▶ [Exercise inputs]:
-- Opening Marker --
(* g(chi; x_0, x_1, ...) is the formal sum over j in J(N_0^d, chi) of the
   monomials x_{j_1}...x_{j_d}.  Its specialization x_{n+1} = x_{n+2} = ... = 0
   kills every monomial containing some x_k with k > n, so it is the (finite)
   sum of the monomials x_{j_1}...x_{j_d} over those j in J(N_0^d, chi)
   all of whose entries are <= n. *)
Definition g_spec (W : {group 'S_d}) (chi : 'S_d -> K) (n : nat) : {mpoly K[n.+1]} :=
  \sum_(j : d.-tuple 'I_n.+1 | inJ W chi (map_tuple (@nat_of_ord n.+1) j))
     \prod_(i < d) 'X_(tnth j i).

(* ---- the semi-symmetric power [chi]^d(K^m), with row-vector conventions:
   vectors of K^m are row vectors, a linear map l : K^m -> K^m is x |-> x *m l. *)

(* dimension of (x)^d K^m; its standard basis e_{j_1} (x) ... (x) e_{j_d} is
   indexed by j : d.-tuple 'I_m through enum_rank / enum_val *)
Definition tdim (m : nat) := #|{: d.-tuple 'I_m}|.

Definition tensor_map (m : nat) (l : 'M[K]_m) : 'M[K]_(tdim m) :=
  \matrix_(a, b) \prod_(i < d) l (tnth (enum_val a) i) (tnth (enum_val b) i).

Definition perm_tensor (m : nat) (s : 'S_d) : 'M[K]_(tdim m) :=
  \matrix_(a, b) ((act_idx s (enum_val a) == enum_val b)%:R : K).

Definition chi_sub (W : {group 'S_d}) (chi : 'S_d -> K) (m : nat) : 'M[K]_(tdim m) :=
  (\sum_(s in W) ((chi s)^-1 *: (1%:M : 'M[K]_(tdim m)) - perm_tensor m s))%MS.

(* q : (x)^d K^m -> K^r (z |-> z *m q) is a quotient map by _chi((x)^d K^m):
   surjective with kernel exactly _chi((x)^d K^m); thus K^r is a model of
   [chi]^d(K^m), with x_1 chi ... chi x_d = (x_1 (x) ... (x) x_d) *m q *)
Definition semisym_quotient (W : {group 'S_d}) (chi : 'S_d -> K) (m r : nat)
    (q : 'M[K]_(tdim m, r)) : Prop :=
  row_full q /\ (kermx q == chi_sub W chi m)%MS.

(* L is [chi]^d(l) in the model q : it sends x_1 chi ... chi x_d to
   l(x_1) chi ... chi l(x_d) *)
Definition induced_map (m r : nat) (q : 'M[K]_(tdim m, r)) (l : 'M[K]_m)
    (L : 'M[K]_r) : Prop :=
  tensor_map l *m q = q *m L.

End SemiSym.

From HB Require Import structures.
From mathcomp Require Import all_boot all_order all_algebra all_fingroup.
From mathcomp Require Import mpoly.
Set Implicit Arguments. Unset Strict Implicit. Unset Printing Implicit Defensive.
Import Order.TTheory GRing.Theory.
Local Open Scope ring_scope.

(* The classes of the tensors e_(j_1) (x) ... (x) e_(j_d), j in J(n,d,chi), form a
   basis of [chi]^d(K^(n+1)).  Modulo _chi one has s.z = chi(s)^-1 z, so the class
   of e_(s.j) is chi(s)^-1 times that of e_j; this is consistent along the W-orbit
   of j exactly when chi is trivial on the stabiliser of j, and otherwise e_j
   itself lies in _chi.  A diagonal map diag(x) acts on this basis by the
   monomials x_(j_1)...x_(j_d), so its trace is g_n(chi; x), and every other model
   of the quotient yields a conjugate induced map.  Relabelling the variables by a
   permutation and taking lex-minimal representatives permutes J(n,d,chi), which
   makes g_n symmetric; compatibility with g holds because membership in J is
   preserved by monotone relabellings of the index set. *)

Section TupleAction.
Variable d : nat.

Lemma act_idx1 (T : Type) (j : d.-tuple T) : act_idx 1%g j = j.
Proof. by apply: eq_from_tnth => i; rewrite !tnth_map !tnth_ord_tuple invg1 perm1. Qed.

Lemma act_idxM (T : Type) (s t : 'S_d) (j : d.-tuple T) :
  act_idx (s * t)%g j = act_idx t (act_idx s j).
Proof. by apply: eq_from_tnth => i; rewrite !tnth_map !tnth_ord_tuple invMg permM. Qed.

Definition tuple_action (T : finType) : {action 'S_d &-> d.-tuple T} :=
  @TotalAction _ _ (fun j s => act_idx s j) (@act_idx1 T) (fun j s t => act_idxM s t j).

Lemma tuple_actionE (T : finType) (j : d.-tuple T) s : tuple_action T j s = act_idx s j.
Proof. by []. Qed.

Lemma act_idx_map (T T' : Type) (f : T -> T') s (j : d.-tuple T) :
  act_idx s (map_tuple f j) = map_tuple f (act_idx s j).
Proof. by apply: eq_from_tnth => i; rewrite !tnth_map !tnth_ord_tuple. Qed.

Lemma map_tuple_inj (T T' : Type) (f : T -> T') :
  injective f -> injective (@map_tuple d _ _ f).
Proof. by move=> f_inj j k /(congr1 val) /(inj_map f_inj) /val_inj. Qed.

Lemma prod_act_idx (R : comSemiRingType) (T : Type) (F : T -> R) s (j : d.-tuple T) :
  \prod_(i < d) F (tnth (act_idx s j) i) = \prod_(i < d) F (tnth j i).
Proof.
rewrite (reindex_inj (@perm_inj _ s)); apply: eq_bigr => i _.
by rewrite tnth_map tnth_ord_tuple permK.
Qed.

Section MonotoneRelabelling.
Variables (disp disp' : Order.disp_t) (T : orderType disp) (T' : orderType disp').
Variable f : T -> T'.
Hypothesis f_mono : {mono f : x y / (x <= y)%O}.

Lemma lexi_map (s1 s2 : seq T) :
  ((map f s1 : seqlexi T') <= (map f s2 : seqlexi T'))%O =
  ((s1 : seqlexi T) <= (s2 : seqlexi T))%O.
Proof. by elim: s1 s2 => [|x s1 IHs] [|y s2] //=; rewrite !lexi_cons !f_mono IHs. Qed.

Lemma inJ_map (K : fieldType) (W : {group 'S_d}) (chi : 'S_d -> K) (j : d.-tuple T) :
  inJ W chi (map_tuple f j) = inJ W chi j.
Proof.
have f_inj : injective f by move=> x y fxy; apply/le_anti; rewrite -!f_mono fxy lexx.
rewrite /inJ; congr andb; apply: eq_forallb => s; rewrite act_idx_map.
  by rewrite /lexle /= lexi_map.
by rewrite (inj_eq (map_tuple_inj f_inj)).
Qed.

End MonotoneRelabelling.
End TupleAction.

Section QuotientTrace.
Variables (F : fieldType) (n : nat).

Lemma kermx_factor r r0 (q : 'M[F]_(n, r)) (q0 : 'M[F]_(n, r0)) (p0 : 'M[F]_(r0, n)) :
  p0 *m q0 = 1%:M -> (kermx q0 <= kermx q)%MS -> q0 *m (p0 *m q) = q.
Proof.
move=> p0q0 ker_sub; apply/eqP; rewrite mulmxA -subr_eq0 -[X in _ - X]mul1mx -mulmxBl.
apply/eqP/sub_kermxP/(submx_trans _ ker_sub).
by rewrite sub_kermx mulmxBl mul1mx -mulmxA p0q0 mulmx1 subrr.
Qed.

Lemma mxtrace_quotient_eq r r0 (T : 'M[F]_n) (q : 'M[F]_(n, r)) (q0 : 'M[F]_(n, r0))
    (L : 'M[F]_r) (L0 : 'M[F]_r0) :
  row_full q -> row_full q0 -> (kermx q == kermx q0)%MS ->
  T *m q = q *m L -> T *m q0 = q0 *m L0 -> \tr L = \tr L0.
Proof.
move=> /row_fullP[p pq] /row_fullP[p0 p0q0] /andP[ker_le ker_ge] TL TL0.
have q0E := kermx_factor p0q0 ker_ge; have qE := kermx_factor pq ker_le.
have LE : L = (p *m q0) *m L0 *m (p0 *m q).
  by rewrite -[L]mul1mx -pq -mulmxA -TL -{1}q0E !mulmxA -(mulmxA p T) TL0 !mulmxA.
by rewrite LE mxtrace_mulC mulmxA -(mulmxA p0) qE p0q0 mul1mx.
Qed.

End QuotientTrace.

Section SemiSymmetricPower.
Variables (K : fieldType) (d : nat) (W : {group 'S_d}) (chi : 'S_d -> K).
Hypothesis chi_char : one_dim_char W chi.

Lemma chiM s t : s \in W -> t \in W -> chi (s * t)%g = chi s * chi t.
Proof. by case: chi_char => chiM _; apply: chiM. Qed.

Lemma chi_neq0 s : s \in W -> chi s != 0.
Proof. by case: chi_char => _ chi_neq0; apply: chi_neq0. Qed.

Lemma chi1 : chi 1%g = 1.
Proof.
apply: (mulfI (chi_neq0 (group1 W))).
by rewrite -chiM ?group1 // mulg1 mulr1.
Qed.

Lemma chiV s : s \in W -> chi s^-1%g = (chi s)^-1.
Proof.
move=> sW; apply: (mulfI (chi_neq0 sW)).
by rewrite -chiM ?groupV // mulgV chi1 divff ?chi_neq0.
Qed.

Lemma chiJ s t : s \in W -> t \in W -> chi (t ^ s)%g = chi t.
Proof.
move=> sW tW; rewrite conjgE !chiM ?groupM ?groupV // chiV //.
by rewrite mulrCA mulVf ?chi_neq0 ?mulr1.
Qed.

Section IndexTuples.
Variable m : nat.
Local Notation tup := (d.-tuple 'I_m).
Local Notation to := (tuple_action d 'I_m).
Local Notation orbitW j := (orbit to W j).

Definition lexkey (t : tup) : seqlexi 'I_m := val t.

Lemma lexkey_inj : injective lexkey. Proof. exact: val_inj. Qed.

Definition orbit_min (j : tup) : tup :=
  Order.arg_min j (mem (orbitW j)) lexkey.

Definition chi_trivial_stab (j : tup) : bool :=
  [forall s in W, (act_idx s j == j) ==> (chi s == 1)].

Lemma orbit_min_in j : orbit_min j \in orbitW j.
Proof. by rewrite /orbit_min; case: arg_minP => //; apply: orbit_refl. Qed.

Lemma orbit_min_le j t : t \in orbitW j -> (lexkey (orbit_min j) <= lexkey t)%O.
Proof.
by rewrite /orbit_min; case: arg_minP => [|i _ i_min]; [apply: orbit_refl | apply: i_min].
Qed.

Lemma orbit_min_eq j t : t \in orbitW j -> orbit_min t = orbit_min j.
Proof.
move=> /orbit_eqP jt; apply/lexkey_inj/le_anti.
by rewrite !orbit_min_le //; [rewrite -jt | rewrite jt]; apply: orbit_min_in.
Qed.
-- Closing Marker --
▶ [Task objective]: Your answer must be the line with "Lemma orbit_min_le j" and all lines after it through the final line of the entries, copied exactly and with nothing added.

▶ [Answer]:
Lemma orbit_min_le j t : t \in orbitW j -> (lexkey (orbit_min j) <= lexkey t)%O.
Proof.
by rewrite /orbit_min; case: arg_minP => [|i _ i_min]; [apply: orbit_refl | apply: i_min].
Qed.

Lemma orbit_min_eq j t : t \in orbitW j -> orbit_min t = orbit_min j.
Proof.
move=> /orbit_eqP jt; apply/lexkey_inj/le_anti.
by rewrite !orbit_min_le //; [rewrite -jt | rewrite jt]; apply: orbit_min_in.
Qed.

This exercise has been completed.